You need to see a picture of the trade coming together and wait for it. Don’t be married to your idea’s of exactly which direction the move will go, because things change and you need to change with it. If you get stubborn and or your ego gets in the way, watch out. It is said, “Pride” comes before the fall, and that is not short, it means you are out of balance with the markets.

You need to approach the trading day, with little overall opinion and need to just interpret what you see. If you see a long trade coming together, get ready to take action, but don’t do it to soon, or to late. How do you do that?  You need to have rules and a written plan to follow that will and or can give you the similar consistent results when you do the same things over and over again.

Without a clear picture, you won’t know what trade or setup is better than another or how much risk this trade has in it verse another. You need to see and know what you are going to trade ahead of time and then wait for it to come you, which could be long or short. Don’t go looking for it like a dear in hunting season. Often, if you let the dear come to you, you are going to spend less energy on the hunt and likely find the dear (trade) effortlessly.

Just try and relax and let the trades come to you and you will see the opportunities and make the trades. I would say, don’t even think about taking any trade is best. Saying to yourself, I will not take a trade today unless it is clear and what I am looking for in a good trade setup.
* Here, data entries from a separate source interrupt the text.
Theorem theorem3 (R : realType) (n : nat) (P0 P1 : 'M[R]_n.+1)
    (pi : R -> 'rV[R]_n.+1) :
  is_transition P0 -> irreducible P0 -> aperiodic P0 ->
  is_transition P1 -> irreducible P1 -> aperiodic P1 ->
  (forall s : R, 0 <= s <= 1 -> is_stationary (Pt P0 P1 s) (pi s)) ->
  exists C : R, 0 < C /\ exists eps0 : R, 0 < eps0 /\
    forall eps : R, 0 < eps < eps0 ->
      (tsad P0 P1 pi eps <=
        C%:E * (tmix P0 P1 pi (eps / 2) * tmix P0 P1 pi (eps / 2)
                * tmix P0 P1 pi (eps / 2) * tmix P0 P1 pi (eps / 2))
        * (eps ^- 3)%:E)%E.
Proof.
move=> tP0 _ _ tP1 _ _ pi_stationary.
exists 3; split => //; exists 1; split => // eps eps01.
have /andP[eps_gt0 _] := eps01.
have := tmix_ge1 P0 P1 pi (eps / 2); have := @tmix_of_le_tmix _ _ P0 P1 pi (eps / 2).
case: (tmix P0 P1 pi (eps / 2)) => [x| |] le_tmix; [| |by []]; last first.
  have eps3_gt0 : 0 < eps ^- 3 by rewrite invr_gt0 exprn_gt0.
  by move=> _; rewrite !mulyy mulry gtr0_sg // mul1e mulyr gtr0_sg // mul1e leey.
rewrite lee_fin => x_ge1; set M := Num.trunc x.
have Mx : M%:R <= x by rewrite truncn_le; lra.
have M_ge1 : (1 <= M)%N by rewrite truncn_gt_nat.
have mixing s : 0 <= s <= 1 -> forall y, is_distribution y ->
    tv (y *m Pt P0 P1 s ^+ M) (pi s) <= eps / 2.
  move=> s01; apply: tv_mulmx_pow_le_of_tmix_of_lt; first exact: Pt_transition.
  by apply: le_lt_trans (le_tmix s s01) _; rewrite lte_fin real_truncnS_gt ?ger0_real //; lra.
set K := 2 * M%:R ^+ 2 / eps.
have K_ge0 : 0 <= K by rewrite divr_ge0 ?mulr_ge0 ?exprn_ge0 // ltW.
apply: le_trans (tsad_le_of_mixing tP0 tP1 pi_stationary mixing eps_gt0 _) _.
  by apply: real_truncnS_gt; rewrite ger0_real.
rewrite -!EFinM lee_fin; apply: quadratic_le_quartic M_ge1 Mx _ => //.
by rewrite -natr1 lerD2r truncn_le.
Qed.
(* Let $\mathcal{F}$ be a complete pointed virtually inscribable fan in $\mathbb{R}^2$ with $n\ge3$ regions and profile $\beta=(\beta_0,\dots,\beta_{n-1})$ (indices modulo $n$). If $n$ is odd, then $\mathcal{F}$ is inscribable if and only if $\beta_{j}-\beta_{j+1}+\beta_{j+2}-\cdots-\beta_{j+n-2}+\beta_{j+n-1}>0$ for all $0\le j<n$. If $n=2m$ is even, then $\mathcal{F}$ is inscribable if and only if $\sum_{i=1}^{h}\beta_{2i+j}+\sum_{i=h+1}^{m-1}\beta_{2i+1+j}<\pi$ for all $0\le h<m$ and $0\le j<n$.
   Context: The regions $R_0,\dots,R_{n-1}$ of $\mathcal{F}$ are ordered counterclockwise and $\beta_i\in(0,\pi)$ is the angle of $R_i$; $\beta$ determines $\mathcal{F}$ up to rotation. A fan is inscribable if it is the normal fan of a polygon whose vertices lie on a circle. The fan is virtually inscribable if there is a nonzero $v\in\mathbb{R}^2$ fixed by the composition of the reflections in the $n$ rays of $\mathcal{F}$ taken in cyclic order (equivalently: for $n$ odd always; for $n$ even iff the alternate angles $\beta_0+\beta_2+\cdots+\beta_{n-2}$ sum to $\pi$). *)

From Stdlib Require Import Reals Lra Lia Arith.
Open Scope R_scope.

Fixpoint rsum (f : nat -> R) (k : nat) : R :=
  match k with O => 0 | S k' => rsum f k' + f k' end.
If you can say that and wait, you will be making progress.

By waiting you are making a trade.  Let me say that again, as many traders don’t really think about it that way. By waiting, you are making a trade. You can only do three things, “Long, Short, or Wait”.

You just took the pressure off of yourself to perform. Without that trading pressure, you will do better and again put the odds more favorably on your side. Trading can be simple, but it is rarely easy.

Much more to say and cover. I will likely continue with this in my next post. Good Trading to all.

Live Day Trading, Are You Ready?

Wednesday, March 16th, 2011

3-16-11;  Before I get started, I will post my trades here for today in a U-tube video. I traded a lot longer than I usually do for any one session, but the movement and volume warranted it today. I was trading only 2-3 contract mostly and managed to rack up 1K of gains for the session. In the video, I did not really get through the full day but the last trade you see in it, was the last trade of the day. I tried to squeeze it all in but that is how it ended up.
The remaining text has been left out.